Question

Solve:
nC6 = nC4

Need help, I don't want to expand. Is there a shortcut method?

Answer 1

Yes, there is.
Of course, the longer way is to formulate the combinations formula, but we need to understand what nCr actually represent in order to understand the shortcut.

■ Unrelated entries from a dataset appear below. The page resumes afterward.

(* Let $\mathcal{W}=(A,\to,\mathbb{S},\mathsf{f}_{\mathtt{NF}},\mathsf{Aggr})$ be a wARS. Then $\mathcal{W}$ is bounded if all of the following hold: (1) the sARS $(A,\to)$ is terminating, finitely non-deterministic, and finitely branching; (2) the semiring $\mathbb{S}$ has the extremal property; (3) $\mathsf{f}_{\mathtt{NF}}(a)\neq\top$ for all $a\in\mathtt{NF}_\to$; and (4) all aggregators $\mathsf{Aggr}_{a\to B}$ are finite aggregators that do not use $\top$ as a constant.
   Context: A semiring $\mathbb{S}=(S,\oplus,\odot,\mathbf{0},\mathbf{1})$: $(S,\oplus,\mathbf{0})$ commutative monoid, $(S,\odot,\mathbf{1})$ monoid, $\odot$ distributes over $\oplus$, $\mathbf{0}$ annihilator. Natural order: $s\preccurlyeq t$ iff $s\oplus u=t$ for some $u$. A complete lattice semiring is one where $\preccurlyeq$ is antisymmetric and every subset $T\subseteq S$ has a least upper bound $\bigsqcup T$; $\top=\bigsqcup S$. Infinite sums/products of a sequence are the suprema of the finite partial sums/products. A function $f:S^n\to S$ ($n\in\mathbb{N}$) has the extremal property if $f(e_1,\dots,e_n)\neq\top$ whenever $e_1,\dots,e_n\in S\setminus\{\top\}$; the semiring has the extremal property if $\oplus$ and $\odot$ do. $\mathrm{Seq}(X)$: non-empty finite or infinite sequences over $X$. An sARS is $(A,\to)$ with $\to\subseteq A\times\mathrm{Seq}(A)$; $\mathtt{NF}_\to$ is the set of $a$ with no $B$ such that $a\to B$. It is finitely non-deterministic if each $a$ has only finitely many $B$ with $a\to B$, and finitely branching if $B$ is finite whenever $a\to B$. An $(A,\to)$-reduction tree (RT) is a labeled ordered tree (possibly of infinite depth) whose nodes $v$ carry labels $a_v\in A$ and whose ordered child sequence $vE$ is either empty or satisfies $a_v\to[a_w\mid w\in vE]$; $(A,\to)$ is terminating if all RTs have finite depth. Aggregators: smallest set containing constants $s\in S$, variables $v_1,v_2,\dots$, and $\bigoplus F$, $\bigodot F$ for non-empty finite or infinite sequences $F$ of aggregators; an aggregator is finite if it is constructed only from finite sequences $F$. Aggregators induce functions by substituting the $i$-th argument for $v_i$. A wARS $(A,\to,\mathbb{S},\mathsf{f}_{\mathtt{NF}},\mathsf{Aggr})$ consists of an sARS, a complete lattice semiring $\mathbb{S}$, a map $\mathsf{f}_{\mathtt{NF}}:\mathtt{NF}_\to\to S$, and for each $a\to B$ an aggregator $\mathsf{Aggr}_{a\to B}$ with variable indices $\le|B|$, viewed as a function $S^{|B|}\to S$. Weight of a finite-depth RT $\mathfrak{T}$ at node $v$: $\mathsf{f}_{\mathtt{NF}}(a_v)$ if $a_v\in\mathtt{NF}_\to$; $\mathbf{0}$ if $v$ is a leaf with $a_v\notin\mathtt{NF}_\to$; $\mathsf{Aggr}_{a_v\to B}[$weights of the children in order$]$ with $B=[a_w\mid w\in vE]$ otherwise; $[\![\mathfrak{T}]\!]$ is the weight at the root. $[\![a]\!]=\bigsqcup\{[\![\mathfrak{T}]\!]\mid\mathfrak{T}$ a finite-depth RT with root labeled $a\}$. The wARS is bounded if $[\![a]\!]\neq\top$ for all $a\in A$. *)

From Stdlib Require Import List Arith ClassicalEpsilon.
Import ListNotations.
Set Implicit Arguments.

Record csemiring := CSemiring {
  car :> Type;
  sadd : car -> car -> car;
  smul : car -> car -> car;
  szero : car;
  sone : car;
  sadd_assoc : forall x y z, sadd x (sadd y z) = sadd (sadd x y) z;
  sadd_comm : forall x y, sadd x y = sadd y x;
  sadd_0l : forall x, sadd szero x = x;
  smul_assoc : forall x y z, smul x (smul y z) = smul (smul x y) z;
  smul_1l : forall x, smul sone x = x;
  smul_1r : forall x, smul x sone = x;
  smul_addl : forall x y z, smul (sadd x y) z = sadd (smul x z) (smul y z);
  smul_addr : forall x y z, smul x (sadd y z) = sadd (smul x y) (smul x z);
  smul_0l : forall x, smul szero x = szero;
  smul_0r : forall x, smul x szero = szero;
  (* natural order s <= t iff s + u = t for some u; antisymmetric *)
  sle_antisym : forall x y, (exists u, sadd x u = y) -> (exists u, sadd y u = x) -> x = y;
  ssup : (car -> Prop) -> car;
  ssup_ub : forall (T : car -> Prop) x, T x -> exists u, sadd x u = ssup T;
  ssup_least : forall (T : car -> Prop) y,
      (forall x, T x -> exists u, sadd x u = y) -> exists u, sadd (ssup T) u = y
}.

Definition sle (K : csemiring) (x y : K) : Prop := exists u, sadd K x u = y.
Definition stop (K : csemiring) : K := ssup K (fun _ => True).

Definition extremal (K : csemiring) : Prop :=
  (forall x y : K, x <> stop K -> y <> stop K -> sadd K x y <> stop K) /\
  (forall x y : K, x <> stop K -> y <> stop K -> smul K x y <> stop K).

Inductive Seq (X : Type) : Type :=
| SFin : X -> list X -> Seq X
| SInf : (nat -> X) -> Seq X.
Arguments SFin {X}. Arguments SInf {X}.

Definition seq_len X (B : Seq X) : option nat :=
  match B with SFin _ l => Some (S (length l)) | SInf _ => None end.

Definition is_finite_seq X (B : Seq X) : Prop :=
  match B with SFin _ _ => True | SInf _ => False end.

(* AVar i stands for the variable v_(i+1) *)
Inductive aggr (S : Type) : Type :=
| ACst : S -> aggr S
| AVar : nat -> aggr S
| ASum : Seq (aggr S) -> aggr S
| AProd : Seq (aggr S) -> aggr S.
Arguments ACst {S}. Arguments AVar {S}. Arguments ASum {S}. Arguments AProd {S}.

Definition fsum (K : csemiring) (x : K) (l : list K) : K := fold_left (sadd K) l x.
Definition fprod (K : csemiring) (x : K) (l : list K) : K := fold_left (smul K) l x.

Definition isum (K : csemiring) (f : nat -> K) : K :=
  ssup K (fun s => exists n, s = fsum K (f 0) (map (fun j => f (S j)) (seq 0 n))).
Definition iprod (K : csemiring) (f : nat -> K) : K :=
  ssup K (fun s => exists n, s = fprod K (f 0) (map (fun j => f (S j)) (seq 0 n))).

Fixpoint aeval (K : csemiring) (rho : nat -> K) (g : aggr K) : K :=
  let fix evl (l : list (aggr K)) : list K :=
      match l with [] => [] | x :: l' => aeval K rho x :: evl l' end in
  match g with
  | ACst s => s
  | AVar i => rho i
  | ASum (SFin x l) => fsum K (aeval K rho x) (evl l)
  | ASum (SInf f) => isum K (fun n => aeval K rho (f n))
  | AProd (SFin x l) => fprod K (aeval K rho x) (evl l)
  | AProd (SInf f) => iprod K (fun n => aeval K rho (f n))
  end.

Fixpoint vars_ok (S : Type) (b : option nat) (g : aggr S) : Prop :=
  let fix alll (l : list (aggr S)) : Prop :=
      match l with [] => True | x :: l' => vars_ok b x /\ alll l' end in
  match g with
  | ACst _ => True
  | AVar i => match b with Some n => i < n | None => True end
  | ASum (SFin x l) | AProd (SFin x l) => vars_ok b x /\ alll l
  | ASum (SInf f) | AProd (SInf f) => forall n, vars_ok b (f n)
  end.

Fixpoint finite_aggr (S : Type) (g : aggr S) : Prop :=
  let fix alll (l : list (aggr S)) : Prop :=
      match l with [] => True | x :: l' => finite_aggr x /\ alll l' end in
  match g with
  | ACst _ | AVar _ => True
  | ASum (SFin x l) | AProd (SFin x l) => finite_aggr x /\ alll l
  | ASum (SInf _) | AProd (SInf _) => False
  end.

Fixpoint avoids_const (S : Type) (c : S) (g : aggr S) : Prop :=
  let fix alll (l : list (aggr S)) : Prop :=
      match l with [] => True | x :: l' => avoids_const c x /\ alll l' end in
  match g with
  | ACst s => s <> c
  | AVar _ => True
  | ASum (SFin x l) | AProd (SFin x l) => avoids_const c x /\ alll l
  | ASum (SInf f) | AProd (SInf f) => forall n, avoids_const c (f n)
  end.

Section SARS.
Variable A : Type.
Variable step : A -> Seq A -> Prop.

Definition NF (a : A) : Prop := ~ exists B, step a B.

Definition fin_nondet : Prop :=
  forall a, exists L : list (Seq A), forall B, step a B -> In B L.

Definition fin_branching : Prop := forall a B, step a B -> is_finite_seq B.

(* Reduction trees, nodes = positions (lists of child indices, [] = root).
   dom = set of nodes, lab = labels, nch v = number of children of v
   (Some k: k children, None: infinitely many). *)
Definition lt_opt (i : nat) (o : option nat) : Prop :=
  match o with Some k => i < k | None => True end.

Definition child_seq X (o : option nat) (f : nat -> X) : option (Seq X) :=
  match o with
  | Some 0 => None
  | Some (S k) => Some (SFin (f 0) (map (fun j => f (S j)) (seq 0 k)))
  | None => Some (SInf f)
  end.

Definition is_RT (dom : list nat -> Prop) (lab : list nat -> A)
    (nch : list nat -> option nat) : Prop :=
  dom [] /\
  (forall v i, dom (v ++ [i]) -> dom v) /\
  (forall v i, dom v -> (dom (v ++ [i]) <-> lt_opt i (nch v))) /\
  (forall v, dom v ->
     match child_seq (nch v) (fun i => lab (v ++ [i])) with
     | None => True
     | Some B => step (lab v) B
     end).

Definition depth_le (dom : list nat -> Prop) (n : nat) : Prop :=
  forall v, dom v -> length v <= n.

Definition terminating : Prop :=
  forall dom lab nch, is_RT dom lab nch -> exists n, depth_le dom n.

End SARS.

Section WARS.
Variable K : csemiring.
Variable A : Type.
Variable step : A -> Seq A -> Prop.
Variable fNF : {a : A | NF step a} -> K.
Variable Aggr : A -> Seq A -> aggr K.

Definition leaf_val (a : A) : K :=
  match excluded_middle_informative (NF step a) with
  | left h => fNF (exist _ a h)
  | right _ => szero K
  end.

(* weight at node v, computed with fuel (fuel >= remaining height suffices) *)
Fixpoint wt (lab : list nat -> A) (nch : list nat -> option nat)
    (fuel : nat) (v : list nat) : K :=
  match fuel with
  | 0 => leaf_val (lab v)
  | S k =>
      match child_seq (nch v) (fun i => lab (v ++ [i])) with
      | None => leaf_val (lab v)
      | Some B => aeval K (fun i => wt lab nch k (v ++ [i])) (Aggr (lab v) B)
      end
  end.

Definition sem (a : A) : K :=
  ssup K (fun s => exists dom lab nch n,
     is_RT step dom lab nch /\ lab [] = a /\ depth_le dom n /\ s = wt lab nch n []).

Definition bounded : Prop := forall a, sem a <> stop K.

End WARS.

(** Termination makes the relation "b occurs in a finite reduct of a" well-founded:
    otherwise repeatedly choosing a non-accessible child unfolds into a reduction
    tree of unbounded depth.  Along this relation one builds, for every object a, an
    element m(a) <> ⊤ dominating the weight of every node labelled a in every
    reduction tree: m(a) is the sum of the leaf value of a and, over the finitely many
    reductions a -> B, the aggregator of a -> B evaluated at the bounds of the
    children.  Finite aggregators are monotone in their arguments, and by the
    extremal property they stay below ⊤ on arguments below ⊤; so m(a) <> ⊤ and
    [[a]], the supremum of weights, is at most m(a). *)

From Stdlib Require Import List Arith Lia ClassicalEpsilon Classical.
Import ListNotations.

Section NaturalOrder.
Context {K : csemiring}.

Lemma sle_refl (x : K) : sle K x x.
Proof. exists (szero K). rewrite sadd_comm. apply sadd_0l. Qed.

Lemma sle_trans (x y z : K) : sle K x y -> sle K y z -> sle K x z.
Proof. intros [u Hu] [w Hw]. exists (sadd K u w). rewrite sadd_assoc, Hu. exact Hw. Qed.

Lemma sle_addl (x y : K) : sle K x (sadd K x y).
Proof. exists y. reflexivity. Qed.

Lemma sle_addr (x y : K) : sle K y (sadd K x y).
Proof. exists x. apply sadd_comm. Qed.

Lemma sle_add (x y x' y' : K) :
  sle K x y -> sle K x' y' -> sle K (sadd K x x') (sadd K y y').
Proof.
  intros [u Hu] [w Hw]. subst. exists (sadd K u w).
  rewrite !sadd_assoc. f_equal. rewrite <- !sadd_assoc. f_equal. apply sadd_comm.
Qed.

Lemma sle_mul (x y x' y' : K) :
  sle K x y -> sle K x' y' -> sle K (smul K x x') (smul K y y').
Proof.
  intros [u Hu] [w Hw]. subst.
  exists (sadd K (smul K x w) (smul K u (sadd K x' w))).
  rewrite smul_addl, !smul_addr, !sadd_assoc. reflexivity.
Qed.

Lemma sle_stop (x : K) : sle K x (stop K).
Proof. apply ssup_ub. exact I. Qed.

Lemma sle_neq_stop (x y : K) : sle K x y -> y <> stop K -> x <> stop K.
Proof. intros Hxy Hy Hx. subst. apply Hy, sle_antisym; [apply sle_stop | exact Hxy]. Qed.

Lemma szero_neq_stop (x : K) : x <> stop K -> szero K <> stop K.
Proof.
  intros Hx H0. apply (sle_neq_stop (stop K) x); [| exact Hx | reflexivity].
  rewrite <- H0. exists x. apply sadd_0l.
Qed.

For a binomial expansion (1 + x)ⁿ, we always have nC0, nC1, etc. at the start of each term because they represent coefficients of a binomial expansion. This is the core foundation of a binomial expansion. However, using this property, we also know that for a binomial expansion, there lies another property:

the Binomial coefficient symmetry:
This is a property in every binomial expansion, and we can see this if we were to expand the (1 + x)ⁿ from n = 1 to n = 3. This rule shows that, from the middle term, each term before and after it is equal. Let's use this rule to demonstrate the property:


`(1 + x)^(2) = \boxed{1} \cdot 1 + 2x + \boxed{1} \cdot x^(2)`

`(1 + x)^(3) = 1 \cdot 1 + 3x + 3x^(2) + 1 \cdot x^(3)`

In this case, we have an even number of terms, and thus, the middle coefficient is hidden as 0. This still applies.

So, we can conclude:

`^(n)C_r = ^(n)C_(n - r)`

Using this:

`^(n)C_6 = ^(n)C_(n - 6) = ^(n)C_4`
So, n - 6 = 4
and n = 10.